SUPPLIED RECORDS below:
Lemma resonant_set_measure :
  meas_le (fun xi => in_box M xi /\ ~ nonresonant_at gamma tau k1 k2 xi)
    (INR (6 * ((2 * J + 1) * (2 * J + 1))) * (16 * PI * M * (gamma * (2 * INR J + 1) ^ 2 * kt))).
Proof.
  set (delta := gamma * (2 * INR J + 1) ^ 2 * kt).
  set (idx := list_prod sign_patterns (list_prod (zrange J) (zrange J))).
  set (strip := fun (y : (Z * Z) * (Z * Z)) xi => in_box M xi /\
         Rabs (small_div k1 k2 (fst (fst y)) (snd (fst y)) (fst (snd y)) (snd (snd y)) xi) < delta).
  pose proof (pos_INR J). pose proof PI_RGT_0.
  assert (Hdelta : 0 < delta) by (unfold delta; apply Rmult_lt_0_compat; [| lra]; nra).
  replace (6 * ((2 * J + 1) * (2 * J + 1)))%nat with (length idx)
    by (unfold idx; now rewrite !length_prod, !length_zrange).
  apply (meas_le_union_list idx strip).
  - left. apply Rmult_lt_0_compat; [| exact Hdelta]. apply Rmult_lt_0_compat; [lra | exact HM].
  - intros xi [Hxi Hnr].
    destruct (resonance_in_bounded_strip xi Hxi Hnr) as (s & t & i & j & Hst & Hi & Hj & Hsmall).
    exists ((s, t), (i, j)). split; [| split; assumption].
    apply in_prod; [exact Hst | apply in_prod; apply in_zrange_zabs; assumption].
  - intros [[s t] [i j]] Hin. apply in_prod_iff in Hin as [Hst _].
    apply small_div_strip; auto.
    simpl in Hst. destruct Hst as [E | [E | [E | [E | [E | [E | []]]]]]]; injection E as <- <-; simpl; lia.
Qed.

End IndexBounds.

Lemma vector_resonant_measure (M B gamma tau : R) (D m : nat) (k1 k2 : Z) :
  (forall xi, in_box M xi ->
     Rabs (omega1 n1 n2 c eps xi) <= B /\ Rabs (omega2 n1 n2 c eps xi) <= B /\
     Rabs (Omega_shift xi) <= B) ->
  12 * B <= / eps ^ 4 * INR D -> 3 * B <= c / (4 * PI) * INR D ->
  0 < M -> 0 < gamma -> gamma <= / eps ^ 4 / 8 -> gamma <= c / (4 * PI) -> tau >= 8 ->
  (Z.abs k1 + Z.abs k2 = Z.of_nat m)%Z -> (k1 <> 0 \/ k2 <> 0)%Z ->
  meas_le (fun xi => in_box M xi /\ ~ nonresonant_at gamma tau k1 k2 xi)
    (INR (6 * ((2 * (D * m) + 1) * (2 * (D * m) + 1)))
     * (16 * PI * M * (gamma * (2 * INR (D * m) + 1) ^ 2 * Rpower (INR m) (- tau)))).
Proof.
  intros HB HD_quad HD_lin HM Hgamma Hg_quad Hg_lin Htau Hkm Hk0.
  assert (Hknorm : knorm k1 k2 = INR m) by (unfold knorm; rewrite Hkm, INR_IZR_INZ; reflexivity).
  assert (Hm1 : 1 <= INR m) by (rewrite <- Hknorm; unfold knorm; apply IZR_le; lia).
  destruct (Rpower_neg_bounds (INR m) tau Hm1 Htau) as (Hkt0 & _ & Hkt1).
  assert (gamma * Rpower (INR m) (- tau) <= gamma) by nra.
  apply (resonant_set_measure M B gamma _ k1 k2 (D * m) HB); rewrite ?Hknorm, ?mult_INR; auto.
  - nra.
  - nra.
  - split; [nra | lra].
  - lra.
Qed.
End of SUPPLIED RECORDS.
Copy out every line of the data where the word "Lemma" occurs.

Lemma resonant_set_measure :
Lemma vector_resonant_measure (M B gamma tau : R) (D m : nat) (k1 k2 : Z) :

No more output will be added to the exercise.